Article 8 provides: “This Constitution is the supreme law of Guyana and, if any other law is inconsistent with it, that other law shall, to the extent of the inconsistency, be void.”
Judiciary adjusts budget
Mr. Jordan next takes umbrage with my recount of how the Judiciary’s budget was presented prior to 2015. I recited that the said budget would have been prepared by the Judiciary, in consultation with the Ministry of Finance and the final product was included in the budget of the Ministry of Legal Affairs and submitted to the Ministry of Finance to be consolidated as part of the National Estimates of Expenditure. I pointed out that the practice was, that the Minister of Legal Affairs never altered, or in any manner whatsoever, interfered with the budget of the Judiciary. As a counter, Mr. Jordan argues, that when the budget of the Judiciary was presented to the Ministry of Finance during that consultative process, it was reduced. He gave the years 2013 and 2014 as examples. That may be so. Since it is impossible to conceive that any entity within the state apparatus would be endowed with the fiscal freedom to prepare a budget, to be funded from public funds, without regard to the ability of the State to fund that budget. Obviously, the Minister of Finance, as the custodian of public funds, must have a say, having regard to the State’s financial affordability. To address this dilemma, the practice has always been for the budget of the Judiciary to be agreed upon, having regard to the affordability of the State, through a consultative process by the Judiciary and the Minister of Finance. Significantly, via this process, it is the Judiciary that would have been requested to adjust its budget to meet the recommendations of the Minister of Finance and not the Minister of Finance unilaterally and without consultation, cutting the Judiciary’s budget. This practice allows the Judiciary the fiscal autonomy to determine what it will adjust, where the adjustment are going to be made and by what amounts. In short, this practice did not unduly restrict or interfere with the financial autonomy of the Judiciary.

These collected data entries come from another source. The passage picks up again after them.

Lemma sin_ge_jordan x : 0 <= x <= PI / 2 -> 2 * x / PI <= sin x.
Proof.
  intros Hx. assert (Hpi4 := PI_4). assert (Hpi3 := PI2_3_2).
  destruct (Rle_lt_dec x (PI / 4)) as [Hsmall|Hlarge].
  - destruct (SIN x ltac:(lra) ltac:(lra)) as [Hlb _].
    replace (sin_lb x) with (x - x ^ 3 / 6 + x ^ 5 / 120 - x ^ 7 / 5040) in Hlb
      by (unfold sin_lb, sin_approx, sin_term; simpl; field).
    assert (x ^ 2 <= 1) by nra.
    assert (0 <= x ^ 5) by (apply pow_le; lra).
    assert (x ^ 7 <= x ^ 5) by (replace (x ^ 7) with (x ^ 5 * x ^ 2) by ring; nra).
    assert (x ^ 3 <= x) by (replace (x ^ 3) with (x * x ^ 2) by ring; nra).
    assert (5 / 6 * x <= sin x) by lra.
    apply (Rmult_le_reg_r PI); [lra|]. field_simplify; [|lra]. nra.
  - set (y := PI / 2 - x).
    replace (sin x) with (cos y) by (unfold y; rewrite cos_shift; reflexivity).
    destruct (COS y ltac:(unfold y; lra) ltac:(unfold y; lra)) as [Hlb _].
    replace (cos_lb y) with (1 - y ^ 2 / 2 + y ^ 4 / 24 - y ^ 6 / 720) in Hlb
      by (unfold cos_lb, cos_approx, cos_term; simpl; field).
    assert (0 <= y <= 1) by (unfold y; lra).
    assert (y ^ 2 <= 1) by nra.
    assert (0 <= y ^ 4) by (apply pow_le; lra).
    assert (y ^ 6 <= y ^ 4) by (replace (y ^ 6) with (y ^ 4 * y ^ 2) by ring; nra).
    assert (1 - y ^ 2 / 2 <= cos y) by lra.
    replace x with (PI / 2 - y) by (unfold y; ring).
    apply (Rmult_le_reg_r PI); [lra|]. field_simplify; [|lra]. nra.
Qed.

Lemma sin_sq_ge_jordan x : Rabs x <= PI / 2 -> (2 * x / PI) ^ 2 <= sin x ^ 2.
Proof.
  intros Hx. assert (Hpi := PI_RGT_0).
  destruct (Rle_or_lt 0 x) as [Hpos|Hneg].
  - rewrite Rabs_pos_eq in Hx by lra.
    assert (0 <= 2 * x / PI) by (apply Rmult_le_pos; [lra | left; apply Rinv_0_lt_compat; lra]).
    assert (Hj := sin_ge_jordan x ltac:(lra)). nra.
  - rewrite Rabs_left in Hx by lra.
    assert (0 <= 2 * - x / PI) by (apply Rmult_le_pos; [lra | left; apply Rinv_0_lt_compat; lra]).
    assert (Hj := sin_ge_jordan (- x) ltac:(lra)). rewrite sin_neg in Hj.
    replace (2 * x / PI) with (- (2 * - x / PI)) by (field; lra). nra.
Qed.

Lemma geomsq_le_jordan th n : th <> 0 -> Rabs th <= PI -> geomsq th n <= (PI / th) ^ 2.
Proof.
  intros Hth Habs. assert (Hpi := PI_RGT_0).
  assert (Hhalf : Rabs (th / 2) <= PI / 2)
    by (unfold Rabs in *; destruct (Rcase_abs th), (Rcase_abs (th / 2)); lra).
  assert (Hs := sin_sq_ge_jordan (th / 2) Hhalf).
  replace (2 * (th / 2) / PI) with (th / PI) in Hs by (field; lra).
  assert (Hpos : 0 < (th / PI) ^ 2).
  { assert (th / PI <> 0) by (unfold Rdiv; apply Rmult_integral_contrapositive; split;
                               [lra | apply Rinv_neq_0_compat; lra]).
    replace ((th / PI) ^ 2) with (Rsqr (th / PI)) by (unfold Rsqr; ring).
    apply Rlt_0_sqr. assumption. }
  assert (Hg := geomsq_mul_sin_sq_le th n).
  assert (0 <= geomsq th n) by (unfold geomsq; nra).
  replace ((PI / th) ^ 2) with (/ (th / PI) ^ 2) by (field; lra).
  apply (Rmult_le_reg_r ((th / PI) ^ 2)); [exact Hpos|].
  rewrite Rinv_l by lra. nra.
Qed.

Definition phase (m l : nat) (r : Z) (j : nat) : R :=
  2 * PI * IZR (alpha m l r (Z.of_nat j)) / IZR (Nmod m l).

Lemma prob_le (m l : nat) (r : Z) (j : nat) (B : R) :
  (0 < r)%Z ->
  geomsq (phase m l r j) (Z.to_nat (Lq m l r) + 1) <= B ->
  geomsq (phase m l r j) (Z.to_nat (Lq m l r)) <= B ->
  prob m l r j <= IZR r * B / IZR (Nmod m l) ^ 2.
Proof.
  intros Hr HB1 HB0.
  change (prob m l r j) with
    (IZR (beta m l r) / IZR (Nmod m l) ^ 2 * geomsq (phase m l r j) (Z.to_nat (Lq m l r) + 1) +
     IZR (r - beta m l r) / IZR (Nmod m l) ^ 2 * geomsq (phase m l r j) (Z.to_nat (Lq m l r))).
  assert (HN : 0 < IZR (Nmod m l)) by (apply IZR_lt, Nmod_pos).
  assert (Hbeta := Z.mod_pos_bound (Nmod m l) r Hr). fold (beta m l r) in Hbeta.
  assert (0 <= IZR (beta m l r)) by (apply IZR_le; lia).
  assert (0 <= IZR (r - beta m l r)) by (apply IZR_le; lia).
  rewrite minus_IZR in *.
  apply (Rmult_le_reg_r (IZR (Nmod m l) ^ 2)); [apply pow_lt; lra|].
  field_simplify; [|lra|lra]. nra.
Qed.

Lemma prob_le_inv (m l : nat) (r : Z) (j : nat) :
  (0 < r <= Nmod m l)%Z -> prob m l r j <= 4 / IZR r.
Proof.
  intros Hr. set (L := Z.to_nat (Lq m l r)).
  assert (HL : (r * Lq m l r <= Nmod m l)%Z) by (apply Z.mul_div_le; lia).
  assert (HL0 : (0 <= Lq m l r)%Z) by (apply Z.div_pos; lia).
  assert (HLR : INR L = IZR (Lq m l r)) by (unfold L; rewrite INR_IZR_INZ, Z2Nat.id; auto).
  assert (HL1 : IZR r * (INR L + 1) <= 2 * IZR (Nmod m l)).
  { rewrite HLR, <- mult_IZR, <- plus_IZR, <- mult_IZR. apply IZR_le. nia. }
  assert (Hrpos : 0 < IZR r) by (apply IZR_lt; lia).
  assert (HN : 0 < IZR (Nmod m l)) by (apply IZR_lt, Nmod_pos).
  assert (0 <= INR L) by apply pos_INR.
  eapply Rle_trans.
  { apply (prob_le _ _ _ _ ((INR L + 1) ^ 2)); [lia| |].
    - fold L. rewrite <- S_INR, Nat.add_1_r. apply geomsq_le_sq.
    - fold L. eapply Rle_trans; [apply geomsq_le_sq | nra]. }
  apply (Rmult_le_reg_r (IZR (Nmod m l) ^ 2 * IZR r)); [apply Rmult_lt_0_compat; [apply pow_lt|]; lra|].
  field_simplify; [|lra|lra].
  assert (0 <= IZR r * (INR L + 1)) by nra. nra.
Qed.

Lemma prob_le_alpha (m l : nat) (r : Z) (j : nat) :
  (0 < r)%Z -> alpha m l r (Z.of_nat j) <> 0%Z ->
  prob m l r j <= IZR r / (4 * IZR (alpha m l r (Z.of_nat j)) ^ 2).
Proof.
  intros Hr Ha. set (a := IZR (alpha m l r (Z.of_nat j))).
  assert (HN : 0 < IZR (Nmod m l)) by (apply IZR_lt, Nmod_pos).
  assert (Hpi := PI_RGT_0).
  assert (Ha0 : a <> 0) by (apply not_0_IZR; exact Ha).
  assert (Habs : 2 * Rabs a <= IZR (Nmod m l)).
  { unfold a. rewrite <- abs_IZR, <- mult_IZR. apply IZR_le.
    assert (Hb := symmod_abs_le (r * Z.of_nat j) (Nmod m l) (Nmod_pos m l)).
    assert (Hd := Z.mul_div_le (Nmod m l) 2 ltac:(lia)). unfold alpha. lia. }
  assert (Hphase : Rabs (phase m l r j) <= PI).
  { assert (- IZR (Nmod m l) <= 2 * a <= IZR (Nmod m l))
      by (unfold Rabs in Habs; destruct (Rcase_abs a); lra).
    unfold phase. fold a. apply Rabs_le.
    split; apply (Rmult_le_reg_r (IZR (Nmod m l))); try lra; field_simplify; nra. }
  assert (Hne : phase m l r j <> 0).
  { unfold phase, Rdiv. fold a.
    apply Rmult_integral_contrapositive_currified; [|apply Rinv_neq_0_compat; lra].
    apply Rmult_integral_contrapositive_currified; lra. }
  assert (HB : (PI / phase m l r j) ^ 2 = IZR (Nmod m l) ^ 2 / (4 * a ^ 2))
    by (unfold phase; fold a; field; lra).
  eapply Rle_trans.
  { apply (prob_le _ _ _ _ ((PI / phase m l r j) ^ 2)); [exact Hr | |];
      apply geomsq_le_jordan; assumption. }
  rewrite HB. right. field. split; lra.
Qed.

Lemma rho_le_of_prob_le (m l : nat) (r : Z) (t : nat) (C : R) :
  (1 <= t)%nat -> 0 <= C ->
  (forall j, in_band m l r t j = true -> prob m l r j <= C) ->
  rho m l r t <= C * 2 ^ t.
Proof.
  intros Ht HC Hprob.
  change (rho m l r t) with
    (rsum (fun j => if in_band m l r t j then prob m l r j else 0) (Z.to_nat (Nmod m l))).
  eapply Rle_trans.
  { apply (rsum_le _ (fun j => if in_band m l r t j then C else 0)).
    intros j _. destruct (in_band m l r t j) eqn:Hj; [apply Hprob; exact Hj | lra]. }
  rewrite rsum_indicator. apply Rmult_le_compat_l; [exact HC|].
  rewrite <- (pow_INR 2). apply le_INR, in_band_count, Ht.
Qed.

Lemma rho_le_div_pow2 (m l : nat) (r : Z) (t : nat) :
  (0 < r)%Z -> (1 <= t)%nat -> rho m l r t <= IZR r / 2 ^ t.
Proof.
  intros Hr Ht. set (A := 2 ^ (t - 1)).
  assert (HA : 0 < A) by (apply pow_lt; lra).
  assert (HtA : 2 ^ t = 2 * A) by (unfold A; replace t with (S (t - 1)) at 1 by lia; reflexivity).
  assert (Hrpos : 0 < IZR r) by (apply IZR_lt; exact Hr).
  eapply Rle_trans.
  { apply (rho_le_of_prob_le _ _ _ _ (IZR r / (4 * A ^ 2))); [exact Ht | |].
    - apply Rmult_le_pos; [lra | left; apply Rinv_0_lt_compat; nra].
    - intros j Hj. destruct (in_band_bounds m l r t j Ht Hj) as [Hlo _].
      replace (Z.of_nat t - 1)%Z with (Z.of_nat (t - 1)) in Hlo by lia.
      apply IZR_le in Hlo. rewrite <- pow_IZR, abs_IZR in Hlo. fold A in Hlo.
      set (a := alpha m l r (Z.of_nat j)) in *.
      assert (Ha : a <> 0%Z) by (intros H0; rewrite H0, Rabs_R0 in Hlo; lra).
      eapply Rle_trans; [apply prob_le_alpha; assumption|].
      assert (Hsq : A ^ 2 <= IZR a ^ 2)
        by (rewrite <- (pow2_abs (IZR a)); apply pow_incr; lra).
      apply Rmult_le_compat_l; [lra|]. assert (0 < A ^ 2) by (apply pow_lt; lra). fold a. apply Rinv_le_contravar; lra. }
  rewrite HtA. right. field. lra.
Qed.

Lemma rho_le_pow2_div (m l : nat) (r : Z) (t : nat) :
  (0 < r <= Nmod m l)%Z -> (1 <= t)%nat -> rho m l r t <= 2 ^ (t + 2) / IZR r.
Proof.
  intros Hr Ht.
  assert (Hrpos : 0 < IZR r) by (apply IZR_lt; lia).
  eapply Rle_trans.
  { apply (rho_le_of_prob_le _ _ _ _ (4 / IZR r)); [exact Ht | |].
    - apply Rmult_le_pos; [lra | left; apply Rinv_0_lt_compat; lra].
    - intros j _. apply prob_le_inv, Hr. }
  rewrite pow_add. right. field. lra.
Qed.

Lemma powerRZ_2_sub (a b : nat) : powerRZ 2 (Z.of_nat a - Z.of_nat b) = 2 ^ a / 2 ^ b.
Proof.
  unfold Z.sub. rewrite powerRZ_add, powerRZ_neg', <- !pow_powerRZ by lra. reflexivity.
Qed.

Theorem mainTheorem16 (m l : nat) (r : Z) :
  (1 <= m)%nat -> (1 <= l)%nat ->
  ((2 <= r < 2 ^ Z.of_nat m)%Z ->
     forall t : nat, (1 <= t)%nat ->
       rho m l r t <= powerRZ 2 (Z.of_nat m - Z.of_nat t)) /\
  ((2 ^ (Z.of_nat m - 1) <= r < 2 ^ Z.of_nat m)%Z -> (2 <= r)%Z ->
     forall t : nat, (1 <= t)%nat ->
       rho m l r t <= Rmin (powerRZ 2 (Z.of_nat m - Z.of_nat t))
                           (powerRZ 2 (Z.of_nat t + 3 - Z.of_nat m))).
Proof.
  intros Hm _.
  assert (Hpow : forall n, IZR (2 ^ Z.of_nat n) = 2 ^ n) by (intros n; rewrite <- pow_IZR; reflexivity).
  assert (Ha : (2 <= r < 2 ^ Z.of_nat m)%Z -> forall t : nat, (1 <= t)%nat ->
                 rho m l r t <= powerRZ 2 (Z.of_nat m - Z.of_nat t)).
  { intros Hr t Ht. rewrite powerRZ_2_sub.
    eapply Rle_trans; [apply rho_le_div_pow2; [lia | exact Ht]|].
    apply Rmult_le_compat_r; [left; apply Rinv_0_lt_compat, pow_lt; lra|].
    rewrite <- Hpow. apply IZR_le. lia. }
  split; [exact Ha|].
  intros Hr Hr2 t Ht. apply Rmin_glb; [apply Ha; [lia | exact Ht]|].
  assert (HrN : (r <= Nmod m l)%Z).
  { unfold Nmod. enough (2 ^ Z.of_nat m <= 2 ^ Z.of_nat (m + l))%Z by lia.
    apply Z.pow_le_mono_r; lia. }
  assert (H2r : 2 ^ m <= 2 * IZR r).
  { rewrite <- Hpow, <- mult_IZR. apply IZR_le.
    replace (Z.of_nat m) with (Z.succ (Z.of_nat m - 1)) at 1 by lia.
    rewrite Z.pow_succ_r by lia. lia. }
  replace (Z.of_nat t + 3 - Z.of_nat m)%Z with (Z.of_nat (t + 3) - Z.of_nat m)%Z by lia.
  rewrite powerRZ_2_sub.
  eapply Rle_trans; [apply rho_le_pow2_div; [lia | exact Ht]|].
  assert (0 < 2 ^ m) by (apply pow_lt; lra). assert (0 < 2 ^ t) by (apply pow_lt; lra).
  rewrite !pow_add.
  apply (Rmult_le_reg_r (2 ^ m * IZR r)); [nra|]. field_simplify; nra.
Qed.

Appearance is as important as realit
These subtleties are lost upon Mr. Jordan. Indeed, the new procedure, promulgated by Mr. Jordan, nakedly deprives the Judiciary of the very financial autonomy about which he boasts. By this new procedure, the budget of the Judiciary is presented to the Clerk of the National Assembly and the Minister of Finance, without any consultation whatsoever capriciously, arbitrarily and whimsically moves a motion and cuts the lump-sum budget proposals of the Judiciary without any regard whatsoever of the impact such reduction will have, on the Judiciary’s ability to discharge its functions. Significantly, this is done on the floor of the Parliament, for the nation to witness, that the Judiciary’s budget is subject to the whim and fancy of the Minister of Finance. This must appear to the public to be the very antithesis of financial autonomy. Sometimes, the appearance is as important as the reality.
The Honourable Minister attempts to upbraid me in the closing paragraph of his letter for “peddling untruths about matters that are largely out of” my remit. I wish to assure Mr. Jordan, that as long as Guyana continues to be a fledgling democracy, the duty of every Government shall be to govern in accordance with the Constitution and the Law of this land and my remit will always be to ensure that duty is discharged in every sphere of Government. My remit, therefore, is Government itself.